Given information:
*****
Lemma lsum_cons phi x K K' :
  (forall I, phi I [::] = 0) -> (forall J, phi [::] J = 0) ->
  lsum phi (x :: K) (x :: K') = lsum (fun I J => phi (x :: I) (x :: J)) K K'.
Proof.
move=> phi_nilr phi_nill.
rewrite !lsumE iota0S big_cons big_map take0 phi_nilr add0r if_same.
rewrite big_mkcond [RHS]big_mkcond; apply: eq_bigr => p _.
rewrite /shares_suffix /suffix_cut /= subSS.
case: (leqP (size K - p) (size K')) => le_cut; first by rewrite subSn // ltnW.
by rewrite -subn_eq0 in le_cut; rewrite (eqP le_cut) take0 phi_nill; case: ifP.
Qed.

Lemma ssum_nil phi K' : ssum phi [::] K' = lsum phi [::] K'.
Proof. by rewrite ssumE big_cons big_nil /shares_prefix !take0 !drop0 eqxx addr0. Qed.

Lemma ssum_nilr phi K : ssum phi K [::] = lsum phi K [::].
Proof.
rewrite ssumE iota0S big_cons big_map /shares_prefix !take0 !drop0 eqxx /=.
by rewrite big_pred0 ?addr0.
Qed.

Lemma ssum_cons phi x y K K' :
  ssum phi (x :: K) (y :: K') =
  lsum phi (x :: K) (y :: K') + (if x == y then ssum phi K K' else 0).
Proof.
rewrite ssumE iota0S big_cons big_map {1}/shares_prefix !take0 !drop0 eqxx /=.
congr (_ + _); have [<-|neq_xy] := eqVneq x y.
  by rewrite ssumE; apply: eq_bigl => i; rewrite /shares_prefix /= ltnS eqseq_cons eqxx.
by apply: big_pred0 => i; rewrite /shares_prefix /= eqseq_cons eq_sym (negbTE neq_xy) andbF.
Qed.

(* In [lsum phi J I] the factorisation with K2 empty contributes [phi I J];
   all the others have a strictly shorter lower index. *)
Lemma lsum_triangular (P : pred (seq T)) phi :
  (forall J I, P J -> lsum phi J I = 0) -> (forall I J, ~~ P J -> phi I J = 0) ->
  forall I J, phi I J = 0.
Proof.
move=> lsum0 phi_out I J; move: {2}(size J).+1 (ltnSn (size J)) => n.
elim: n I J => // n IH I J ltJn.
have [PJ|] := boolP (P J); last exact: phi_out.
have := lsum0 J I PJ; rewrite lsumE -addn1 iotaD big_cat add0n /= big_cons big_nil.
rewrite /shares_suffix /suffix_cut subnn subn0 !drop_size eqxx !take_size addr0.
rewrite big1_seq ?add0r // => p /andP[_]; rewrite mem_iota add0n => /andP[_ ltpJ].
by apply: IH; rewrite size_takel (ltnW ltpJ, leq_trans ltpJ ltJn).
Qed.

(* Dually, in [rsum phi J I] the factorisation with K1 empty contributes [phi I J]. *)
Lemma rsum_triangular (P : pred (seq T)) phi :
  (forall J I, P J -> rsum phi J I = 0) -> (forall I J, ~~ P J -> phi I J = 0) ->
  forall I J, phi I J = 0.
Proof.
move=> rsum0 phi_out I J; move: {2}(size J).+1 (ltnSn (size J)) => n.
elim: n I J => // n IH I J ltJn.
have [PJ|] := boolP (P J); last exact: phi_out.
have := rsum0 J I PJ; rewrite rsumE iota0S big_cons big_map /shares_prefix.
rewrite !take0 !drop0 eqxx /= big1_seq ?addr0 // => i /andP[_].
rewrite mem_iota => /andP[_ ltiJ]; apply: IH; rewrite size_drop.
rewrite ltnS in ltJn; apply: leq_trans ltJn.
by rewrite ltn_subrL (leq_ltn_trans _ ltiJ).
Qed.

End FactorisationSums.

Definition image_coef (D : gen -> CC) l (K : seq nat) r l' (K' : seq nat) r' : CC :=
  D (GenF l' l K' K r' r)
  + (if r' == r then lsum (fun I J => D (GenL l' l I J)) K K' else 0)
  + (if l' == l then rsum (fun I J => D (GenR I J r' r)) K K' else 0)
  + (if (l' == l) && (r' == r) then ssum (fun I J => D (GenS I J)) K K' else 0).

Lemma sum_gens_between (D : gen -> CC) l K r l' K' r' :
  \sum_(g <- gens_between (l, K, r) (l', K', r')) D g = image_coef D l K r l' K' r'.
Proof.
rewrite /gens_between !big_cat /= big_cons big_nil addr0 /image_coef /lsum /rsum /ssum !addrA.
by case: (r' == r); case: (l' == l); rewrite /= ?big_nil ?addr0 ?big_map.
Qed.

Section SumCount.

Variables (T : eqType) (R : pzSemiRingType) (F : T -> R) (s : seq T).
Hypothesis uniq_s : uniq s.

Lemma sum_mul_eq_indicator h :
  \sum_(g <- s) F g * (h == g)%:R = if h \in s then F h else 0.
Proof.
elim: s uniq_s => [|g0 s' IH] /=; first by rewrite big_nil.
case/andP=> g0_notin uniq_s'; rewrite big_cons IH // in_cons.
have [->|_] /= := eqVneq h g0; last by rewrite mulr0 add0r.
by rewrite (negbTE g0_notin) mulr1 addr0.
Qed.

Lemma sum_mul_count_mem l :
  \sum_(g <- s) F g * (count_mem g l)%:R = \sum_(h <- l) (if h \in s then F h else 0).
Proof.
elim: l => [|h l IH]; first by rewrite big_nil big1 // => g _; rewrite mulr0.
rewrite big_cons -IH -sum_mul_eq_indicator -big_split /=; apply: eq_bigr => g _.
by rewrite natrD mulrDr.
Qed.

End SumCount.

Lemma lincomb_image_coef (s : seq gen) (c : gen -> CC) l K r l' K' r' : uniq s ->
  \sum_(g <- s) c g * coef g (l, K, r) (l', K', r') =
  image_coef (fun g => if g \in s then c g else 0) l K r l' K' r'.
Proof.
move=> uniq_s; rewrite -sum_gens_between -sum_mul_count_mem //.
by apply: eq_bigr => g _; rewrite /coef count_act.
Qed.

(* On the diagonal l' = l, r' = r the sigma part of the coefficient does not depend
   on the labels, so it cancels from the difference of two such coefficients. *)
Lemma image_coef_diagB (D : gen -> CC) l r l' r' K K' :
  image_coef D l K r l K' r - image_coef D l' K r' l' K' r' =
  (D (GenF l l K' K r r) - D (GenF l' l' K' K r' r'))
  + (lsum (fun I J => D (GenL l l I J)) K K' - lsum (fun I J => D (GenL l' l' I J)) K K')
  + (rsum (fun I J => D (GenR I J r r)) K K' - rsum (fun I J => D (GenR I J r' r')) K K').
Proof. by rewrite /image_coef !eqxx andbT; ring. Qed.

Section VanishingCombination.

Variables (L LF : nat) (D : gen -> CC).
Hypotheses (L_gt0 : (0 < L)%N) (LF_gt0 : (0 < LF)%N).
Hypothesis D_B1 : forall g, ~ inB1 L LF g -> D g = 0.
Hypothesis image_coef_eq0 : forall l K r l' K' r',
  valid_lam LF l -> valid_seq L K -> valid_lam LF r -> image_coef D l K r l' K' r' = 0.

Lemma valid_lam1 : valid_lam LF 1%N.
Proof. exact: LF_gt0. Qed.

Lemma DF11_left I J r' r : D (GenF 1%N 1%N I J r' r) = 0.
Proof. by apply: D_B1; case. Qed.

Lemma DF11_right l' l I J : D (GenF l' l I J 1%N 1%N) = 0.
Proof. by apply: D_B1; case. Qed.

Lemma DR11 I J : D (GenR I J 1%N 1%N) = 0.
Proof. by apply: D_B1; case. Qed.

Lemma rsum_DR11 K K' : rsum (fun I J => D (GenR I J 1%N 1%N)) K K' = 0.
Proof. exact: rsum_eq0 DR11. Qed.

Lemma DR_offdiag l1 l2 I J : l1 != l2 -> D (GenR I J l1 l2) = 0.
Proof.
move=> ne_l; have [vl2|/negP inv] := boolP (valid_lam LF l2); last first.
  by apply: D_B1; case=> _ /inv.
move: I J; apply: (rsum_triangular (P := valid_seq L)) => [J I vJ|I J /negP invJ].
  have := image_coef_eq0 1%N I l1 valid_lam1 vJ vl2.
  rewrite /image_coef (negbTE ne_l) eqxx D_B1 /=; last by case.
  by rewrite !add0r addr0.
by apply: D_B1; case=> _ _ _ /invJ.
Qed.

Lemma DL_offdiag l1 l2 I J : l1 != l2 -> D (GenL l1 l2 I J) = 0.
Proof.
move=> ne_l; have [vl2|/negP inv] := boolP (valid_lam LF l2); last first.
  by apply: D_B1; case=> _ /inv.
move: I J; apply: (lsum_triangular (P := valid_seq L)) => [J I vJ|I J /negP invJ].
  have := image_coef_eq0 l1 I 1%N vl2 vJ valid_lam1.
  rewrite /image_coef (negbTE ne_l) eqxx D_B1 /=; last by case.
  by rewrite add0r !addr0.
by apply: D_B1; case=> _ _ _ /invJ.
Qed.

Lemma DF_offdiag l' l I J r' r : (l' != l) || (r' != r) -> D (GenF l' l I J r' r) = 0.
Proof.
move=> ne_lr.
have [/and3P[vl vJ vr]|inv] :=
  boolP [&& valid_lam LF l, valid_seq L J & valid_lam LF r]; last first.
  by apply: D_B1; case=> /andP[_ vl] /andP[_ vr] /andP[_ vJ] _ _; rewrite vl vJ vr in inv.
have := image_coef_eq0 l' I r' vl vJ vr; rewrite /image_coef.
have [eq_r|ne_r] := eqVneq r' r; have [eq_l|ne_l] := eqVneq l' l => //=.
- by rewrite eq_l eq_r !eqxx in ne_lr.
- by rewrite (lsum_eq0 _ _ (fun I J => DL_offdiag I J ne_l)) !addr0.
- by rewrite (rsum_eq0 _ _ (fun I J => DR_offdiag I J ne_r)) !addr0.
- by rewrite !addr0.
Qed.

Lemma image_coef_diagB_eq0 l r l' r' K K' :
  valid_lam LF l -> valid_lam LF r -> valid_lam LF l' -> valid_lam LF r' -> valid_seq L K ->
  (D (GenF l l K' K r r) - D (GenF l' l' K' K r' r'))
  + (lsum (fun I J => D (GenL l l I J)) K K' - lsum (fun I J => D (GenL l' l' I J)) K K')
  + (rsum (fun I J => D (GenR I J r r)) K K' - rsum (fun I J => D (GenR I J r' r')) K K') = 0.
Proof.
by move=> vl vr vl' vr' vK; rewrite -image_coef_diagB !image_coef_eq0 ?subrr.
Qed.

Lemma DR_diag r I J : r != 1%N -> D (GenR I J r r) = 0.
Proof.
move=> ne_r1; have [vr|/negP inv] := boolP (valid_lam LF r); last first.
  by apply: D_B1; case=> _ /inv.
move: I J; apply: (rsum_triangular (P := valid_seq L)) => [J I vJ|I J /negP invJ].
  have := image_coef_diagB_eq0 I valid_lam1 vr valid_lam1 valid_lam1 vJ.
  by rewrite !DF11_left rsum_DR11 !subrr subr0 !add0r.
by apply: D_B1; case=> _ _ _ /invJ.
Qed.

Lemma DL_diag l I J : valid_lam LF l -> D (GenL l l I J) = D (GenL 1%N 1%N I J).
Proof.
move=> vl; apply/eqP; rewrite -subr_eq0; apply/eqP; move: I J.
apply: (lsum_triangular (P := valid_seq L)) => [J I vJ|I J /negP invJ].
  have := image_coef_diagB_eq0 I vl valid_lam1 valid_lam1 valid_lam1 vJ.
  by rewrite !DF11_right subr0 add0r subrr addr0 lsumB.
by rewrite /= !D_B1 ?subr0 //; case=> _ _ _ /invJ.
Qed.

Lemma DF_diag l I J r : D (GenF l l I J r r) = 0.
Proof.
have [/and4P[vl vJ vr r_gt1]|inv] :=
  boolP [&& valid_lam LF l, valid_seq L J, valid_lam LF r & (2 < r + r)%N]; last first.
  apply: D_B1; case=> /andP[_ vl] /andP[_ vr] /andP[_ vJ] _ r_gt1.
  by rewrite vl vJ vr r_gt1 in inv.
have ne_r1 : r != 1%N by apply: contraTneq r_gt1 => ->.
have := image_coef_diagB_eq0 I vl vr vl valid_lam1 vJ.
rewrite DF11_right subr0 subrr addr0 rsum_DR11 subr0.
by rewrite (rsum_eq0 _ _ (fun I J => DR_diag I J ne_r1)) addr0.
Qed.

Local Notation DL11 := (fun I J => D (GenL 1%N 1%N I J)).
Local Notation DS := (fun I J => D (GenS I J)).

Lemma lsum_DL11_ssum_DS K K' : valid_seq L K -> lsum DL11 K K' + ssum DS K K' = 0.
Proof.
move=> vK; have := image_coef_eq0 1%N K' 1%N valid_lam1 vK valid_lam1.
by rewrite /image_coef eqxx DF11_right rsum_DR11 add0r addr0.
Qed.

Lemma DL11_cons1 I J : D (GenL 1%N 1%N (1%N :: I) (1%N :: J)) = D (GenL 1%N 1%N I J).
Proof.
have DL11_DS_nilr X : D (GenL 1%N 1%N X [::]) + D (GenS X [::]) = 0.
  by have := lsum_DL11_ssum_DS X (isT : valid_seq L [::]); rewrite ssum_nil !lsum_nil.
have DL11_DS_nill Y : D (GenL 1%N 1%N [::] Y) + D (GenS [::] Y) = 0.
  have [vY|/negP invY] := boolP (valid_seq L Y).
    by have := lsum_DL11_ssum_DS [::] vY; rewrite ssum_nilr !lsum_nilr.
  by rewrite !D_B1 ?addr0 //; [case=> _ [/invY] | case=> _ _ _ /invY].
apply/eqP; rewrite -subr_eq0; apply/eqP; move: I J.
apply: (lsum_triangular (P := valid_seq L)) => [J I vJ|I J /negP invJ]; last first.
  by rewrite !D_B1 ?subrr //; case=> _ _ _ // /andP[_ /invJ].
(* sigma^{1I}_{1J} is not in B_1, so the relation at (1J, 1I) differs from the
   one at (J, I) only in its l-terms. *)
have v1J : valid_seq L (1%N :: J) by apply/andP.
have := lsum_DL11_ssum_DS (1%N :: I) v1J.
rewrite ssum_cons eqxx addrA -lsumD lsum_cons // lsumD.
rewrite (lsum_eq0 _ _ (_ : forall I J, D (GenS (1%N :: I) (1%N :: J)) = 0)); last first.
  by move=> I' J'; apply: D_B1; case=> _ [].
move=> rel_cons; rewrite lsumB; apply/eqP; rewrite subr_eq0; apply/eqP.
by apply: (addIr (ssum DS J I)); rewrite addr0 in rel_cons; rewrite rel_cons lsum_DL11_ssum_DS.
Qed.

Variable s : seq gen.
Hypothesis D_supp : forall g, g \notin s -> D g = 0.

Lemma DL11_eq0 I J : D (GenL 1%N 1%N I J) = 0.
Proof.
pose upper_size g := if g is GenL _ _ I' _ then size I' else 0%N.
pose N := \max_(g <- s) upper_size g.
have DL11_nseq n :
    D (GenL 1%N 1%N I J) = D (GenL 1%N 1%N (nseq n 1%N ++ I) (nseq n 1%N ++ J)).
  by elim: n => //= n ->; rewrite DL11_cons1.
rewrite (DL11_nseq N.+1) D_supp //.
apply/negP => /(@leq_bigmax_seq _ _ xpredT upper_size) /(_ isT).
by rewrite /upper_size size_cat size_nseq ltn_geF // ltnS leq_addr.
Qed.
*****
About this task:
Go through the data above and return each line containing the string "GenF".

Result for this task:
  D (GenF l' l K' K r' r)
  (D (GenF l l K' K r r) - D (GenF l' l' K' K r' r'))
Lemma DF11_left I J r' r : D (GenF 1%N 1%N I J r' r) = 0.
Lemma DF11_right l' l I J : D (GenF l' l I J 1%N 1%N) = 0.
Lemma DF_offdiag l' l I J r' r : (l' != l) || (r' != r) -> D (GenF l' l I J r' r) = 0.
  (D (GenF l l K' K r r) - D (GenF l' l' K' K r' r'))
Lemma DF_diag l I J r : D (GenF l l I J r r) = 0.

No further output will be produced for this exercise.